Right. The full treatment. Just once, would it kill them to meet me in a gazebo someplace or in a fried chicken joint?

Derek and Desandra doubled over in a fit of sneezing.

The bunny’s fur crawled, boiled, and stretched into the shape of a small black cat. The cat leaped into the tortoise’s mouth.

“Wow,” Ascanio said. “That’s brutal.”

I filed the new item of teenage slang away for future reference.

Desandra pointed at the open mouth, her other hand pinching her nose closed. “In dere?”

“Mm-hm,” I said.

“Fuck dis! I’m stayin’ here.”

“I’m a rat,” Robert said. “I’m not going into a reptile’s mouth.”

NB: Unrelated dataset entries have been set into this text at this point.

Lemma cosh_dK_sq A B : in_D A -> in_D B -> cosh (dK A B) ^ 2 = klein_cosh2 A B.
Proof.
  intros HA HB. unfold klein_cosh2. rewrite !dot_diag. unfold in_D in HA, HB.
  unfold dK. destruct (Req_EM_T (edist A B) 0) as [E | E].
  { apply edist_eq0 in E; subst. rewrite cosh_0. unfold dot. field. lra. }
  assert (HAB : A <> B).
  { intros ->. apply E. unfold edist. rewrite <- sqrt_0. f_equal. ring. }
  destruct (chord_end_roots A B HA HAB) as (t1 & t2 & -> & -> & Ht & Hf).
  set (a := (fst B - fst A) ^ 2 + (snd B - snd A) ^ 2) in Hf.
  assert (Ha : a = edist A B ^ 2).
  { unfold a, edist. rewrite pow2_sqrt; [ring|].
    pose proof (pow2_ge_0 (fst A - fst B)); pose proof (pow2_ge_0 (snd A - snd B)); lra. }
  assert (Hd : 0 < edist A B) by (destruct (sqrt_pos _ : 0 <= edist A B); [|congruence]; auto).
  pose proof (Hf 0) as HfA; pose proof (Hf 1) as HfB.
  rewrite line_point_0 in HfA; rewrite line_point_1 in HfB.
  assert (0 < a) by (rewrite Ha; nra).
  assert (t1 * t2 < 0) by nra.
  assert ((1 - t1) * (1 - t2) < 0) by nra.
  assert (t2 < 0 < t1) by nra.
  assert (t2 < 1 < t1) by nra.
  assert (HdA : forall t, edist (line_point A B t) A = Rabs (t - 0) * edist A B)
    by (intros t; rewrite <- edist_line_point, line_point_0; reflexivity).
  assert (HdB : forall t, edist (line_point A B t) B = Rabs (t - 1) * edist A B)
    by (intros t; rewrite <- edist_line_point, line_point_1; reflexivity).
  rewrite !HdA, !HdB, (Rabs_right (t1 - 1)), (Rabs_left (t2 - 0)), (Rabs_right (t1 - 0)),
    (Rabs_left (t2 - 1)) by lra.
  (* A, B, v1, v2 sit at the parameters 0, 1, t1, t2; [rho] is their cross ratio *)
  set (rho := (t1 - 1) * (- t2) / (t1 * (1 - t2))).
  replace (_ * _ / _) with rho by (unfold rho; field; repeat split; lra).
  assert (0 < rho) by (unfold rho; apply Rdiv_lt_0_compat; nra).
  replace (/ 2 * Rabs (ln rho)) with (Rabs (/ 2 * ln rho))
    by (rewrite Rabs_mult, (Rabs_pos_eq (/ 2)); lra).
  rewrite cosh_Rabs, cosh_half_ln_sq by assumption.
  replace (1 - (fst A ^ 2 + snd A ^ 2)) with (- (a * t1 * t2)) by lra.
  replace (1 - (fst B ^ 2 + snd B ^ 2)) with (- (a * (1 - t1) * (1 - t2))) by lra.
  replace (1 - dot A B) with (a * (t1 + t2 - 2 * t1 * t2) / 2)
    by (unfold dot, a in *; lra).
  unfold rho. field. repeat split; lra.
Qed.

Lemma dK_nonneg A B : 0 <= dK A B.
Proof.
  unfold dK. destruct (Req_EM_T _ _); [lra|].
  pose proof (Rabs_pos (ln ((edist (chord_end A B 1) B * edist (chord_end A B (-1)) A) /
                            (edist (chord_end A B 1) A * edist (chord_end A B (-1)) B)))).
  lra.
Qed.

Lemma le_dK_iff x A B : 0 <= x -> in_D A -> in_D B ->
  (x <= dK A B <-> cosh x ^ 2 <= klein_cosh2 A B).
Proof.
  intros Hx HA HB. rewrite <- cosh_dK_sq by assumption.
  apply cosh_sq_le_iff; [assumption | apply dK_nonneg].
Qed.

Lemma eq_dK_iff x A B : 0 <= x -> in_D A -> in_D B ->
  (x = dK A B <-> cosh x ^ 2 = klein_cosh2 A B).
Proof.
  intros Hx HA HB. rewrite <- cosh_dK_sq by assumption.
  split; [intros ->; reflexivity|]. apply cosh_sq_inj; [assumption | apply dK_nonneg].
Qed.

Lemma dK_eq_of_klein_cosh2 A B A' B' : in_D A -> in_D B -> in_D A' -> in_D B' ->
  klein_cosh2 A' B' = klein_cosh2 A B -> dK A' B' = dK A B.
Proof.
  intros HA HB HA' HB' E. apply eq_dK_iff; auto using dK_nonneg.
  rewrite cosh_dK_sq; auto.
Qed.

Definition chord_construction (v1 v2 P Q R0 : pt) : Prop :=
  exists w w1 w2 : pt,
    on_S1 w /\ w <> v1 /\ w <> v2 /\
    on_S1 w1 /\ w1 <> w /\ collinear w P w1 /\
    on_S1 w2 /\ w2 <> w /\ collinear w Q w2 /\
    collinear v1 w2 R0 /\ collinear v2 w1 R0.

Record klein_map (f : pt -> pt) : Prop := {
  klein_map_S1 : forall X, on_S1 X -> on_S1 (f X);
  klein_map_D : forall X, in_D X -> in_D (f X);
  klein_map_collinear : forall A B C, in_cD A -> in_cD B -> in_cD C ->
    collinear A B C -> collinear (f A) (f B) (f C);
  klein_map_dK : forall A B, in_D A -> in_D B -> dK (f A) (f B) = dK A B }.

Definition cancel_on_cD (f g : pt -> pt) : Prop := forall X, in_cD X -> g (f X) = X.

Definition klein_bijection (f g : pt -> pt) : Prop :=
  klein_map f /\ klein_map g /\ cancel_on_cD f g /\ cancel_on_cD g f.
(* Let $n\ge 1$ and let $0 \leq m \leq n-1$ be an integer. Then there exist a real normed space $X$ with $\dim X=n$ and a linear subspace $Y\subseteq X$ with $\dim Y=n-1$ such that $\dim \mathcal{P}_{\min}(X, Y)=m$. Moreover, if $0 \leq m \leq n-3$, then $X$ and $Y$ can be chosen so that in addition $\lambda(Y, X) > 1$.
   Context: A projection onto $Y$ is a linear $P:X\to Y$ with $P|_Y=\mathrm{id}_Y$; $\lambda(Y,X)$ is the infimum of the operator norms of such projections and $\mathcal{P}_{\min}(X,Y)$ is the set of projections of norm $\lambda(Y,X)$. $\dim \mathcal{P}_{\min}(X,Y)$ is the affine dimension of this convex subset of the space $\mathcal{L}(X,X)$ of linear operators on $X$ (the smallest dimension of an affine subspace containing it). *)

From HB Require Import structures.
From mathcomp Require Import all_boot all_order all_algebra.
From mathcomp Require Import boolp classical_sets reals.
Set Implicit Arguments. Unset Strict Implicit. Unset Printing Implicit Defensive.
Import Order.TTheory GRing.Theory Num.Theory.
Local Open Scope ring_scope.
Local Open Scope classical_set_scope.
Lemma minimisation_drun_eq w w' :
  (forall v, L (w ++ v) = L (w' ++ v)) -> drun M w = drun M w'.
Proof.
move=> eqL; apply: minimisation_indist => v.
by have := eqL v; rewrite -!M_min.1 /daccepts /drun !foldl_cat.
Qed.

End Minimisation.

Section WordValue.
Variable b : nat.
Implicit Types w v : seq 'I_b.

Definition wval w : nat := foldl (fun x (a : 'I_b) => x * b + a) 0 w.

Lemma wval_rcons w a : wval (rcons w a) = wval w * b + a.
Proof. by rewrite /wval foldl_rcons. Qed.

Lemma wval_cat w v : wval (w ++ v) = wval w * b ^ size v + wval v.
Proof.
elim/last_ind: v => [|v a IH]; first by rewrite cats0 muln1 addn0.
by rewrite -rcons_cat !wval_rcons IH size_rcons expnSr; lia.
Qed.

Lemma wval_nseq0 n (z : 'I_b) : z = 0 :> nat -> wval (nseq n z) = 0.
Proof.
move=> z0; elim: n => // n IH.
by rewrite /= -cat1s wval_cat IH /wval /= z0.
Qed.

Variable b_gt0 : 0 < b.

Fixpoint digits (l y : nat) : seq 'I_b :=
  if l is l'.+1 then rcons (digits l' (y %/ b)) (Ordinal (ltn_pmod y b_gt0))
  else [::].

Lemma size_digits l y : size (digits l y) = l.
Proof. by elim: l y => //= l IH y; rewrite size_rcons IH. Qed.

Lemma wval_digits l y : y < b ^ l -> wval (digits l y) = y.
Proof.
elim: l y => [|l IH] y /=; first by rewrite expn0 ltnS leqn0 => /eqP->.
move=> y_lt; rewrite wval_rcons IH /= -?divn_eq // ltn_divLR //.
by rewrite -expnSr.
Qed.

End WordValue.

Definition memS (p : nat) (R I : seq nat) (x : nat) : bool :=
  (x %% p \in R) (+) (x \in I).

Lemma foldl_stepC b p m (w : seq 'I_b) :
  foldl (@stepC b p m) (0, Some 0) w =
  (wval w %% p, if wval w <= m then Some (wval w) else None).
Proof.
elim/last_ind: w => [|w a IH]; first by rewrite /= mod0n.
rewrite foldl_rcons IH wval_rcons /stepC /stepA /=; congr pair.
  by rewrite -modnDml modnMml modnDml.
case: ifP => //= big_w; case: ifP => // small_wa; exfalso.
have b_gt0 : 0 < b := leq_ltn_trans (leq0n a) (ltn_ord a).
by move: big_w small_wa; nia.
Qed.

Lemma langC_wval b p R I (w : seq 'I_b) :
  langC p R I w = memS p R I (wval w).
Proof.
rewrite /langC foldl_stepC /finalC /memS /=.
case: leqP => // big_w; case I_w: (wval w \in I) => //.
by have := @leq_bigmax_seq _ I xpredT id _ I_w isT; rewrite leqNgt big_w.
Qed.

Oh boy. Fine time to develop phobias. “It’s fine,” I told them. “They’ll probably cut you off from the conversation anyway.”

“I’m coming,” Ascanio declared.

Derek nodded, holding the rag over his nose, and came to stand with me.

I stepped into the tortoise’s mouth.

• • •

THE THICK SPONGY tongue gave a little under my feet. I went forward, past the roof of the mouth, into the throat, draped with garlands of frozen algae and icicles. Ahead dark ice slicked the floor of the throat tunnel. Last time I came through here, I had taken a bath in what I strongly suspected was tortoise spit. I stepped onto the ice. It held. Score one for me.

“This is awesome,” Ascanio volunteered behind me.

Someone was having entirely too much fun.

The throat tunnel ended and I walked out onto an iced-over pond in the middle of a colossal dome. The walls, dark at eye level, curved up, lightening until they grew transparent at the top. The night sky, studded with stars, spilled moonlight onto clusters of blue icicles suspended from the ceiling. The icicles glowed with soft blue light, illuminating the outlines of rectangular crypts within the walls, each marked by a glowing gold glyph.

In front of me on a rectangular platform waited three women. The first had seen seventy. Life had whittled her down, turning her body skeletal and her face sharp and predatory. She perched in a large black chair like a bird of prey. Maria, the Crone. Next to her a young woman sat in a comfortable chair. Slender, with pale blond hair down to her shoulders, she looked young, barely out of her teens, and delicate. Her power was anything but. Sienna, the Maiden. I had saved her life during the last flare. To the right, in a rocking chair, sat Evdokia, the Mother. Plump, with a heavy braid of reddish-brown hair, she rocked back and forth knitting a sweater out of gray wool. It looked almost done.

The black cat ran to her and rubbed against her feet.

Behind them a large mural showed their goddess, a tall, regal woman standing behind a cauldron that sat at the intersection of three roads. The woman’s three arms held a knife, a torch, and a chalice. A black cat, a toad, a broom, and a key completed the picture. She had many names: the Queen of the Night, the Mother of All Witches, Hekate. Her power was vast and terrible and I was disinclined to disrespect her.

Evdokia pointed to Derek and Ascanio. “You! Wait there.”

A wall of ice surged around the two shapeshifters, locking them into an icy ring.

Sienna turned to me. “Your father is coming.”

• • •

THE UNIVERSE JUST kept dumping buckets of icy water on my head. “When?”

“Soon,” Evdokia said, her needles clicking.

“He’s coming to claim the city,” Sienna said. “We have foreseen it.”

Maria raised her bony hand and pointed at Sienna. “Show her.”

Sienna stood up. The mural behind her faded, dissolving into a view of a city street. To the left typical old buildings bordered the street, one of dark brick with boarded-up windows, the other covered in beige stucco and in better condition. To the right a big, sand-colored building of Roman brick and granite took up most of the block. Its lower half, a typical rectangular structure, stood about four tall floors high. On top of it a hundred-fifty-foot tower stretched to the sky. I could see all the way down the street, past the streetlights, to the distant steeple of some church.